→ Work item: The expected output is every entry, repeated word for word.

→ Exercise material:
== Segment start ==

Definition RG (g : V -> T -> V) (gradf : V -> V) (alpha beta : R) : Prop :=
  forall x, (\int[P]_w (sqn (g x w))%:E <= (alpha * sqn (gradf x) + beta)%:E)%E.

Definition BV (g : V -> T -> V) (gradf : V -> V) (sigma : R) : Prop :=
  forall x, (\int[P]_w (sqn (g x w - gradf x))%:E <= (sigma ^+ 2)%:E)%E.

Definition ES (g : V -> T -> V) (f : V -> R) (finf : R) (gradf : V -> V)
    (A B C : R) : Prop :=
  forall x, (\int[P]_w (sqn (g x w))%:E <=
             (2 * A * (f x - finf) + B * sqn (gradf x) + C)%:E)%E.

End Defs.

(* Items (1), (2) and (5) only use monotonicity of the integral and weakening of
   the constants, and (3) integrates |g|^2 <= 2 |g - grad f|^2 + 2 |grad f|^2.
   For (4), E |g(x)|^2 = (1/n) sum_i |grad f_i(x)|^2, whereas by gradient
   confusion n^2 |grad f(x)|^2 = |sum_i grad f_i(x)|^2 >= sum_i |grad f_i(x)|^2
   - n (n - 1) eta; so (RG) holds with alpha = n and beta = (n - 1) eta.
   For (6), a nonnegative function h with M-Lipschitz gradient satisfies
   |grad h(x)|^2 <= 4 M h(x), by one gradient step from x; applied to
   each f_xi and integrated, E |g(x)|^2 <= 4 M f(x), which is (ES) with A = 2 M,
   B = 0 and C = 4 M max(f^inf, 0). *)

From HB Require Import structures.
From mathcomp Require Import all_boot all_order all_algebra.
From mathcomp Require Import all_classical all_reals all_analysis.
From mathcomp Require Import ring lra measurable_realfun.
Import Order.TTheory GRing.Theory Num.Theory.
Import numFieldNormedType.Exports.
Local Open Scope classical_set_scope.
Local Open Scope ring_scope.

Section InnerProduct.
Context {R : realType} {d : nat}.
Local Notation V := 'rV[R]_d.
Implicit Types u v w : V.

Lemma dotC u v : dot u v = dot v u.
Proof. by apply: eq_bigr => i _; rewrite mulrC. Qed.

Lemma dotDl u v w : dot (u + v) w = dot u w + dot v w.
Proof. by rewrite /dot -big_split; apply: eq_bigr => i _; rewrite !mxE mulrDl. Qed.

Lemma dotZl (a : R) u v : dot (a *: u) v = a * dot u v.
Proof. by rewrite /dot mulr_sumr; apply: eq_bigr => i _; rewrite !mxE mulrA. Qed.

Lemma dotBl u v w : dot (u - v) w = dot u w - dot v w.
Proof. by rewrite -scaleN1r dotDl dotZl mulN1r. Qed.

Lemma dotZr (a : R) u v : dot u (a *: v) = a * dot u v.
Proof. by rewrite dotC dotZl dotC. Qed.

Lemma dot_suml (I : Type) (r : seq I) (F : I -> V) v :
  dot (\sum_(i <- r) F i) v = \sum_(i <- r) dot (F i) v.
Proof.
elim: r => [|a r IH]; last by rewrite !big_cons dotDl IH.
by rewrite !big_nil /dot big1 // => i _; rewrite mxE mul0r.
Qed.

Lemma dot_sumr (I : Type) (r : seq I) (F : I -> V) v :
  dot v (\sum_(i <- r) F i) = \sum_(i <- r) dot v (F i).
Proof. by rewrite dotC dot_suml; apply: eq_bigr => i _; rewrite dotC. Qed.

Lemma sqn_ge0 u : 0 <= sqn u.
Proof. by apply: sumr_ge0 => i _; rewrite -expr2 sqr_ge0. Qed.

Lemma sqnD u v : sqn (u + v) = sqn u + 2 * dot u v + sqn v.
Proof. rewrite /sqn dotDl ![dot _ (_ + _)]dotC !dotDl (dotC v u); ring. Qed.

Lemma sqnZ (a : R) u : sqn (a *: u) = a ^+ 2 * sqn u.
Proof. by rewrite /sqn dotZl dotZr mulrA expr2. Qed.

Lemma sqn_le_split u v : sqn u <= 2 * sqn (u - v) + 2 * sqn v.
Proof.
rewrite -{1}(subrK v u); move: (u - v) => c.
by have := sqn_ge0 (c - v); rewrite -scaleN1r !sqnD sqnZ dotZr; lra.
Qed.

== Segment end ==

→ Answer:
Definition RG (g : V -> T -> V) (gradf : V -> V) (alpha beta : R) : Prop :=
  forall x, (\int[P]_w (sqn (g x w))%:E <= (alpha * sqn (gradf x) + beta)%:E)%E.

Definition BV (g : V -> T -> V) (gradf : V -> V) (sigma : R) : Prop :=
  forall x, (\int[P]_w (sqn (g x w - gradf x))%:E <= (sigma ^+ 2)%:E)%E.

Definition ES (g : V -> T -> V) (f : V -> R) (finf : R) (gradf : V -> V)
    (A B C : R) : Prop :=
  forall x, (\int[P]_w (sqn (g x w))%:E <=
             (2 * A * (f x - finf) + B * sqn (gradf x) + C)%:E)%E.

End Defs.

(* Items (1), (2) and (5) only use monotonicity of the integral and weakening of
   the constants, and (3) integrates |g|^2 <= 2 |g - grad f|^2 + 2 |grad f|^2.
   For (4), E |g(x)|^2 = (1/n) sum_i |grad f_i(x)|^2, whereas by gradient
   confusion n^2 |grad f(x)|^2 = |sum_i grad f_i(x)|^2 >= sum_i |grad f_i(x)|^2
   - n (n - 1) eta; so (RG) holds with alpha = n and beta = (n - 1) eta.
   For (6), a nonnegative function h with M-Lipschitz gradient satisfies
   |grad h(x)|^2 <= 4 M h(x), by one gradient step from x; applied to
   each f_xi and integrated, E |g(x)|^2 <= 4 M f(x), which is (ES) with A = 2 M,
   B = 0 and C = 4 M max(f^inf, 0). *)

From HB Require Import structures.
From mathcomp Require Import all_boot all_order all_algebra.
From mathcomp Require Import all_classical all_reals all_analysis.
From mathcomp Require Import ring lra measurable_realfun.
Import Order.TTheory GRing.Theory Num.Theory.
Import numFieldNormedType.Exports.
Local Open Scope classical_set_scope.
Local Open Scope ring_scope.

Section InnerProduct.
Context {R : realType} {d : nat}.
Local Notation V := 'rV[R]_d.
Implicit Types u v w : V.

Lemma dotC u v : dot u v = dot v u.
Proof. by apply: eq_bigr => i _; rewrite mulrC. Qed.

Lemma dotDl u v w : dot (u + v) w = dot u w + dot v w.
Proof. by rewrite /dot -big_split; apply: eq_bigr => i _; rewrite !mxE mulrDl. Qed.

Lemma dotZl (a : R) u v : dot (a *: u) v = a * dot u v.
Proof. by rewrite /dot mulr_sumr; apply: eq_bigr => i _; rewrite !mxE mulrA. Qed.

Lemma dotBl u v w : dot (u - v) w = dot u w - dot v w.
Proof. by rewrite -scaleN1r dotDl dotZl mulN1r. Qed.

Lemma dotZr (a : R) u v : dot u (a *: v) = a * dot u v.
Proof. by rewrite dotC dotZl dotC. Qed.

Lemma dot_suml (I : Type) (r : seq I) (F : I -> V) v :
  dot (\sum_(i <- r) F i) v = \sum_(i <- r) dot (F i) v.
Proof.
elim: r => [|a r IH]; last by rewrite !big_cons dotDl IH.
by rewrite !big_nil /dot big1 // => i _; rewrite mxE mul0r.
Qed.

Lemma dot_sumr (I : Type) (r : seq I) (F : I -> V) v :
  dot v (\sum_(i <- r) F i) = \sum_(i <- r) dot v (F i).
Proof. by rewrite dotC dot_suml; apply: eq_bigr => i _; rewrite dotC. Qed.

Lemma sqn_ge0 u : 0 <= sqn u.
Proof. by apply: sumr_ge0 => i _; rewrite -expr2 sqr_ge0. Qed.

Lemma sqnD u v : sqn (u + v) = sqn u + 2 * dot u v + sqn v.
Proof. rewrite /sqn dotDl ![dot _ (_ + _)]dotC !dotDl (dotC v u); ring. Qed.

Lemma sqnZ (a : R) u : sqn (a *: u) = a ^+ 2 * sqn u.
Proof. by rewrite /sqn dotZl dotZr mulrA expr2. Qed.

Lemma sqn_le_split u v : sqn u <= 2 * sqn (u - v) + 2 * sqn v.
Proof.
rewrite -{1}(subrK v u); move: (u - v) => c.
by have := sqn_ge0 (c - v); rewrite -scaleN1r !sqnD sqnZ dotZr; lra.
Qed.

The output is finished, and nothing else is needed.